Salt features two timeout parameters called timeout and gather_job_timeout that are relevant during the execution of Salt commands and jobs--it does not matter whether they are triggered using CLI or API. These two parameters are explained in the follwoing article.

This is a normal workflow when all minions are well reachable:

  1. A salt command/job is executed: salt '*' test.ping
  2. Salt master publishes the job with the targeted minions into the Salt PUB channel.
  3. Minions take that job and start working on it.
  4. Salt master is looking at the Salt RET channel to gather responses from the minions.
  5. If Salt master gets all responses from targeted minions, then everything is completed and Salt master will return a response containing all the minion responses.

If some of the minions are down during this process, the workflow continues as follows:

  1. If timeout is reached before getting all expected responses from minions, then Salt master would trigger *another* job (a Salt find_job job) targeting only pending minions to see if the job is already running on the minion.
  2. Now gather_job_timeout goes into the stage. A new counter is now triggered.
  3. If this new find_job job responses that the original job is actually running on the minion, then Salt master will wait to get that minion response.
  4. In case of reaching gather_job_timeout without having any response from a minion (nor for initial test.ping job, nor for find_job), Salt master will return with only the gathered responses from responding minions.


Currently SUMA globally set these timeout and gather_job_timeout to 120 seconds each one.
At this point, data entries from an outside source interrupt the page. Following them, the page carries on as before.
(* Let $\mathbf{X}=\mathbf{D}_1\boldsymbol{\Gamma}_1$ with $\boldsymbol{\Gamma}_1\neq 0$, and $\mathbf{Y}=\mathbf{X}+\mathbf{E}$ with $\|\mathbf{E}\|_{2,\infty}^{p}\le\epsilon_0$. Let $|\Gamma_1^{\min}|$ and $|\Gamma_1^{\max}|$ be the smallest and largest absolute values of the nonzero entries of $\boldsymbol{\Gamma}_1$. Let $\hat{\boldsymbol{\Gamma}}_1=\mathcal{H}_{\beta_1}(\mathbf{D}_1^T\mathbf{Y})$. Assume (a) $\|\boldsymbol{\Gamma}_1\|_{0,\infty}^{s}<\tfrac12\Big(1+\tfrac{1}{\mu(\mathbf{D}_1)}\tfrac{|\Gamma_1^{\min}|}{|\Gamma_1^{\max}|}\Big)-\tfrac{1}{\mu(\mathbf{D}_1)}\tfrac{\epsilon_0}{|\Gamma_1^{\max}|}$; and (b) $|\Gamma_1^{\min}|-(\|\boldsymbol{\Gamma}_1\|_{0,\infty}^{s}-1)\mu(\mathbf{D}_1)|\Gamma_1^{\max}|-\epsilon_0>\beta_1>\|\boldsymbol{\Gamma}_1\|_{0,\infty}^{s}\mu(\mathbf{D}_1)|\Gamma_1^{\max}|+\epsilon_0$. Then (1) the support of $\hat{\boldsymbol{\Gamma}}_1$ equals the support of $\boldsymbol{\Gamma}_1$; and (2) $\|\boldsymbol{\Gamma}_1-\hat{\boldsymbol{\Gamma}}_1\|_{2,\infty}^{p}\le\sqrt{\|\boldsymbol{\Gamma}_1\|_{0,\infty}^{p}}\,\big(\epsilon_0+\mu(\mathbf{D}_1)(\|\boldsymbol{\Gamma}_1\|_{0,\infty}^{s}-1)|\Gamma_1^{\max}|\big)$.
   Context: Setting. Signals are one-dimensional of length $N$ with periodic boundary conditions; $m_0=1$, $\boldsymbol{\Gamma}_0=\mathbf{X}$. For $i\ge1$, $\boldsymbol{\Gamma}_i\in\mathbb{R}^{Nm_i}$ has entry $km_i+r$ equal to the coefficient of filter $r$ at spatial shift $k$. $\mathbf{D}_i\in\mathbb{R}^{Nm_{i-1}\times Nm_i}$ is a (stride) convolutional dictionary whose column $km_i+r$ is local filter $r$ (length $n_{i-1}m_{i-1}$) placed cyclically on entries $km_{i-1},\dots,km_{i-1}+n_{i-1}m_{i-1}-1$, zero elsewhere; in particular $\mathbf{D}_1\in\mathbb{R}^{N\times Nm_1}$ consists of all cyclic shifts of $m_1$ filters of length $n_0$. Columns have unit $\ell_2$ norm; $\mu(\mathbf{D})=\max_{i\neq j}|\mathbf{d}_i^T\mathbf{d}_j|$. Stripes: $\mathbf{S}_{i,j}\boldsymbol{\Gamma}_i$ is the subvector of $\boldsymbol{\Gamma}_i$ at spatial shifts $k\in\{j-n_{i-1}+1,\dots,j+n_{i-1}-1\}$ (mod $N$), all channels (length $(2n_{i-1}-1)m_i$); $\|\boldsymbol{\Gamma}_i\|_{0,\infty}^{s}=\max_j\|\mathbf{S}_{i,j}\boldsymbol{\Gamma}_i\|_0$. Patches: for $i\ge0$, $\mathbf{P}_{i,j}\mathbf{V}$ extracts from $\mathbf{V}\in\mathbb{R}^{Nm_i}$ the cyclically contiguous subvector of length $n_im_i$ at spatial shifts $j,\dots,j+n_i-1$ (all channels). $\|\mathbf{V}\|_{2,\infty}^{p}=\max_j\|\mathbf{P}_{i,j}\mathbf{V}\|_2$ and $\|\mathbf{V}\|_{0,\infty}^{p}=\max_j\|\mathbf{P}_{i,j}\mathbf{V}\|_0$ (for $\mathbf{E}\in\mathbb{R}^N$ patches have length $n_0$; for $\boldsymbol{\Gamma}_1$ they have length $n_1m_1$). Hard thresholding: $\mathcal{H}_\beta$ acts entrywise, $\mathcal{H}_\beta(z)=z$ if $|z|>\beta$ and $0$ otherwise. *)

From HB Require Import structures.
From mathcomp Require Import all_boot all_order all_algebra.
Set Implicit Arguments. Unset Strict Implicit. Unset Printing Implicit Defensive.
Import Order.TTheory GRing.Theory Num.Theory.
Local Open Scope ring_scope.

Section Defs.
Variable R : rcfType.

Definition cyc_off (N k i : nat) : nat := ((i + N - k) %% N)%N.

(* D (N x N*m1) is a convolutional dictionary: column k*m1+r is filter r
   (length n0, taps h r t, t < n0) placed cyclically on entries k,...,k+n0-1. *)
Definition conv_dict (N m1 n0 : nat) (D : 'M[R]_(N, N * m1)) : Prop :=
  exists h : nat -> nat -> R, forall (i : 'I_N) (c : 'I_(N * m1)),
    D i c = if (cyc_off N (c %/ m1) i < n0)%N
            then h (c %% m1)%N (cyc_off N (c %/ m1) i) else 0.

Definition unit_cols n m (D : 'M[R]_(n, m)) : Prop :=
  forall c : 'I_m, \sum_(i < n) D i c ^+ 2 = 1.

Definition mutual_coh n m (D : 'M[R]_(n, m)) : R :=
  \big[Num.max/0]_(c < m) \big[Num.max/0]_(c' < m | c' != c)
     `|\sum_(i < n) D i c * D i c'|.

(* shift k lies in the stripe centred at j : k in {j-n0+1,...,j+n0-1} mod N *)
Definition in_stripe (N n0 j k : nat) : bool :=
  (cyc_off N j k < n0)%N || (cyc_off N k j < n0)%N.

(* ||G||_{0,inf}^s  (stripes of layer 1, entry c has shift c %/ m1) *)
Definition stripe_l0inf (N m1 n0 : nat) (G : 'cV[R]_(N * m1)) : nat :=
  \big[maxn/0%N]_(j < N)
     #|[set c : 'I_(N * m1) | (G c 0 != 0) && in_stripe N n0 j (c %/ m1)]|.

(* patch j of a vector in R^{N m}: shifts j,...,j+n-1 (mod N), all channels *)
Definition patch_l0inf (N m n : nat) (V : 'cV[R]_(N * m)) : nat :=
  \big[maxn/0%N]_(j < N)
     #|[set c : 'I_(N * m) | (V c 0 != 0) && (cyc_off N j (c %/ m) < n)%N]|.

Definition patch_l2inf (N m n : nat) (V : 'cV[R]_(N * m)) : R :=
  \big[Num.max/0]_(j < N)
     Num.sqrt (\sum_(c < N * m | (cyc_off N j (c %/ m) < n)%N) V c 0 ^+ 2).

Definition signal_patch_l2inf (N n0 : nat) (E : 'cV[R]_N) : R :=
  \big[Num.max/0]_(j < N)
     Num.sqrt (\sum_(i < N | (cyc_off N j i < n0)%N) E i 0 ^+ 2).

Definition hard_thr (b z : R) : R := if b < `|z| then z else 0.

Definition supp n (G : 'cV[R]_n) : {set 'I_n} := [set c | G c 0 != 0].

Definition abs_max n (G : 'cV[R]_n) : R :=
  \big[Num.max/0]_(c < n | G c 0 != 0) `|G c 0|.
Definition abs_min n (G : 'cV[R]_n) : R :=
  \big[Num.min/abs_max G]_(c < n | G c 0 != 0) `|G c 0|.

End Defs.

(* Write [(D^T Y)_c = Γ_c + Σ_{c'≠c} <d_c, d_c'> Γ_c' + <d_c, E>].  Column d_c
   is supported on one patch of length n0 and has unit norm, so Cauchy-Schwarz
   bounds the noise term by ε0; two columns are orthogonal unless their shifts
   lie in a common stripe, so the interference term involves at most s - 1
   (resp. s, off the support) nonzero entries, each contributing at most
   μ |Γ^max|.  Condition (b) then places β1 strictly between the correlations
   off the support and those on it, so thresholding keeps exactly the support,
   and on it the error is bounded entrywise, whence the patch bound. *)
From HB Require Import structures.
From mathcomp Require Import all_boot all_order all_algebra.
From mathcomp Require Import zify ring lra.
Set Implicit Arguments. Unset Strict Implicit. Unset Printing Implicit Defensive.
Import Order.TTheory GRing.Theory Num.Theory.
Local Open Scope ring_scope.
Lemma cVdotC n (x y : 'cV[H]_n) : cVdot x y = cVdot y x.
Proof. by rewrite !cVdotE; apply: eq_bigr => i _; rewrite qre_conjqMC. Qed.

Lemma cVdotBr n (x y z : 'cV[H]_n) : cVdot x (y - z) = cVdot x y - cVdot x z.
Proof. by rewrite /cVdot mulmxBr !mxE raddfB. Qed.

Lemma cVdotBl n (x y z : 'cV[H]_n) : cVdot (y - z) x = cVdot y x - cVdot z x.
Proof. by rewrite cVdotC cVdotBr !(cVdotC x). Qed.

Lemma cVdot_realqZr n (r : R) (x y : 'cV[H]_n) :
  cVdot x (realq r *: y) = r * cVdot x y.
Proof. by rewrite /cVdot mulmx_realqZ mxE qre_realqM. Qed.

Lemma cVdot_realqZl n (r : R) (x y : 'cV[H]_n) :
  cVdot (realq r *: x) y = r * cVdot x y.
Proof. by rewrite cVdotC cVdot_realqZr cVdotC. Qed.

Lemma cVdot_mulmxr m n (M : 'M[H]_(m, n)) (x : 'cV[H]_m) (y : 'cV[H]_n) :
  cVdot x (M *m y) = cVdot (conjT M *m x) y.
Proof. by rewrite /cVdot conjT_mulmx conjTK mulmxA. Qed.

Lemma vnorm2_realqZ n (r : R) (x : 'cV[H]_n) :
  vnorm2 (realq r *: x) = r ^+ 2 * vnorm2 x.
Proof. by rewrite /vnorm2 cVdot_realqZr cVdot_realqZl mulrA -expr2. Qed.

Lemma vnorm2_mulmx_le m n (X : 'M[H]_(m, n)) (x : 'cV[H]_n) :
  vnorm2 (X *m x) <= (n%:R * \sum_i \sum_j qnorm2 (X i j)) * vnorm2 x.
Proof.
rewrite vnorm2E -mulrA mulr_suml mulr_sumr; apply: ler_sum => i _.
rewrite mxE (le_trans (qnorm2_sum_le _)) // ler_wpM2l // mulr_suml.
by apply: ler_sum => j _; rewrite qnorm2M ler_wpM2l ?qnorm2_ge0 ?qnorm2_le_vnorm2.
Qed.

Lemma vnormE n (x : 'cV[H]_n) : vnorm x = Num.sqrt (vnorm2 x).
Proof. by []. Qed.

Lemma sqr_vnorm n (x : 'cV[H]_n) : vnorm x ^+ 2 = vnorm2 x.
Proof. by rewrite sqr_sqrtr // vnorm2_ge0. Qed.

Lemma vnorm_ge0 n (x : 'cV[H]_n) : 0 <= vnorm x.
Proof. exact: sqrtr_ge0. Qed.

Lemma vnorm0 n : vnorm (0 : 'cV[H]_n) = 0.
Proof. by rewrite vnormE vnorm20 sqrtr0. Qed.

Lemma vnorm_eq0 n (x : 'cV[H]_n) : vnorm x = 0 -> x = 0.
Proof. by move=> x0; apply: vnorm2_eq0; rewrite -sqr_vnorm x0 expr0n. Qed.

Lemma vnormN n (x : 'cV[H]_n) : vnorm (- x) = vnorm x.
Proof. by rewrite !vnormE vnorm2N. Qed.

Lemma vnorm_realqZ n (r : R) (x : 'cV[H]_n) : vnorm (realq r *: x) = `|r| * vnorm x.
Proof. by rewrite !vnormE vnorm2_realqZ sqrtrM ?sqr_ge0 // sqrtr_sqr. Qed.

End EuclideanNorm.

Section OperatorNorm.
Variable R : realType.
Local Notation H := (quat R).

Lemma opnorm_has_ubound m n (X : 'M[H]_(m, n)) :
  has_ubound [set vnorm (X *m x) | x in [set x | vnorm x <= 1]].
Proof.
set K := n%:R * \sum_i \sum_j qnorm2 (X i j).
have K0 : 0 <= K.
  by rewrite mulr_ge0 // sumr_ge0 // => i _; rewrite sumr_ge0 // => j _; apply: qnorm2_ge0.
exists (Num.sqrt K) => _ [x /= x1 <-].
have x21 : vnorm2 x <= 1 by rewrite -sqr_vnorm exprn_ile1 ?vnorm_ge0.
rewrite vnormE ler_sqrt // (le_trans (vnorm2_mulmx_le X x)) //.
by rewrite ler_piMr ?vnorm2_ge0.
Qed.

Lemma vnorm_mulmx_le1 m n (X : 'M[H]_(m, n)) x :
  vnorm x <= 1 -> vnorm (X *m x) <= opnorm X.
Proof. by move=> x1; apply: ub_le_sup; [exact: opnorm_has_ubound | exists x]. Qed.

Lemma opnorm_ge0 m n (X : 'M[H]_(m, n)) : 0 <= opnorm X.
Proof.
by rewrite (le_trans (vnorm_ge0 (X *m 0))) // vnorm_mulmx_le1 // vnorm0.
Qed.

Lemma opnorm_le m n (X : 'M[H]_(m, n)) K :
  (forall x, vnorm x <= 1 -> vnorm (X *m x) <= K) -> opnorm X <= K.
Proof.
move=> XK; apply: ge_sup => [|_ [x /= x1 <-]]; last exact: XK.
by exists (vnorm (X *m 0)), 0 => //=; rewrite vnorm0.
Qed.

Lemma vnorm_mulmx_le m n (X : 'M[H]_(m, n)) x :
  vnorm (X *m x) <= opnorm X * vnorm x.
Proof.
have [/vnorm_eq0 ->|x0] := eqVneq (vnorm x) 0.
  by rewrite mulmx0 !vnorm0 mulr0.
have xpos : 0 < vnorm x by rewrite lt_def x0 vnorm_ge0.
have := @vnorm_mulmx_le1 _ _ X (realq (vnorm x)^-1 *: x).
rewrite mulmx_realqZ !vnorm_realqZ ger0_norm ?invr_ge0 ?vnorm_ge0 // mulVf //.
by rewrite ler_pdivrMl // mulrC => ->.
Qed.

Lemma opnorm_mulmx m n p (X : 'M[H]_(m, n)) (Y : 'M[H]_(n, p)) :
  opnorm (X *m Y) <= opnorm X * opnorm Y.
Proof.
apply: opnorm_le => x x1; rewrite -mulmxA (le_trans (vnorm_mulmx_le _ _)) //.
rewrite ler_wpM2l ?opnorm_ge0 // (le_trans (vnorm_mulmx_le _ _)) //.
by rewrite -[leRHS]mulr1 ler_wpM2l ?opnorm_ge0.
Qed.

Lemma opnormN m n (X : 'M[H]_(m, n)) : opnorm (- X) = opnorm X.
Proof.
have le_opnormN (Y : 'M[H]_(m, n)) : opnorm (- Y) <= opnorm Y.
  by apply: opnorm_le => x x1; rewrite mulNmx vnormN vnorm_mulmx_le1.
by apply/eqP; rewrite eq_le le_opnormN -{1}[X]opprK le_opnormN.
Qed.

Lemma opnormX m (M : 'M[H]_m) k : opnorm (M ^+ k) <= opnorm M ^+ k.
Proof.
elim: k => [|k IHk]; first by rewrite !expr0; apply: opnorm_le => x; rewrite mul1mx.
rewrite !exprS (le_trans (opnorm_mulmx M (M ^+ k))) //.
by rewrite ler_wpM2l ?opnorm_ge0.
Qed.

Lemma vnorm2_mulmx_opnorm m n (X : 'M[H]_(m, n)) x :
  vnorm2 (X *m x) <= opnorm X ^+ 2 * vnorm2 x.
Proof.
by rewrite -!sqr_vnorm -exprMn !expr2 ler_pM ?vnorm_ge0 ?vnorm_mulmx_le.
Qed.

Lemma opnorm_lt1 m n (M : 'M[H]_(m, n)) d : 0 < d ->
  (forall x, vnorm2 (M *m x) <= (1 - d) * vnorm2 x) -> opnorm M < 1.
Proof.
move=> d0 Md; set b := Num.min d 1.
have [b0 bd b1] : [/\ 0 < b, b <= d & b <= 1].
  by rewrite lt_min d0 ltr01 !ge_min !lexx ?orbT.
apply: (@le_lt_trans _ _ (Num.sqrt (1 - b))); last first.
  by rewrite -[X in _ < X]sqrtr1 ltr_sqrt ?ltr01 //; lra.
apply: opnorm_le => x x1; rewrite vnormE ler_sqrt ?subr_ge0 //.
have x21 : vnorm2 x <= 1 by rewrite -sqr_vnorm exprn_ile1 ?vnorm_ge0.
have := Md x; have := vnorm2_ge0 x; nra.
Qed.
So, in worst cases, a Salt call targeting unreachable minions will end up with 240 seconds of waiting until getting a response.

Synchronous calls with unreachable Salt minions. A presence ping mechanism

In order to prevent waiting until timeout are reached when some minions are down, we've introduced a so call "presence mechanism" for Salt minions.

From SUMA 3.0.5+ on, this presence mechanism checks for unreachable Salt minions when SUMA is performing synchronous calls to these minions, and it excludes unreachable minions from that call. Synchronous calls are going to be displaced in favor of asynchronous calls but still being used currently during some workflow.

The new introduced presence mechanism triggers a Salt test.ping with a custom and fixed short Salt timeouts values. Defaults Salt values for the presence ping are: timeout = 4 and gather_job_timeout = 1. This way, we obtain what targeted minions are unreachable in a short time, and then we can exclude them from the synchronous call.


Overriding Salt presence timeouts values (/etc/rhn/rhn.conf)

SUMA administrators are able to increase or decrease defaults presence ping timeouts values by uncommenting and setting the desire value for `salt_presence_ping_timeout` and `salt_presence_ping_gather_job_timeout` options in `/etc/rhn/rhn.conf`:

   # SUSE Manager presence timeouts for Salt minions
   # salt_presence_ping_timeout = 4
   # salt_presence_ping_gather_job_timeout = 1


Salt SSH Minions (SSH Push)

Salt SSH minions are slightly different that regular minions (zeromq). In this case, they don't use Salt PUB/RET channels but a wrapper salt command inside an ssh call. Salt timeout and gather_job_timeout are not playing a role here.

SUMA defines a timeout for SSH connection in /etc/rhn/rhn.conf:

  # salt_ssh_connect_timeout = 180

The presence ping mechanism is also working with SSH minions. In this case, SUMA will use salt_presence_ping_timeout to override the default timeout value for SSH connections.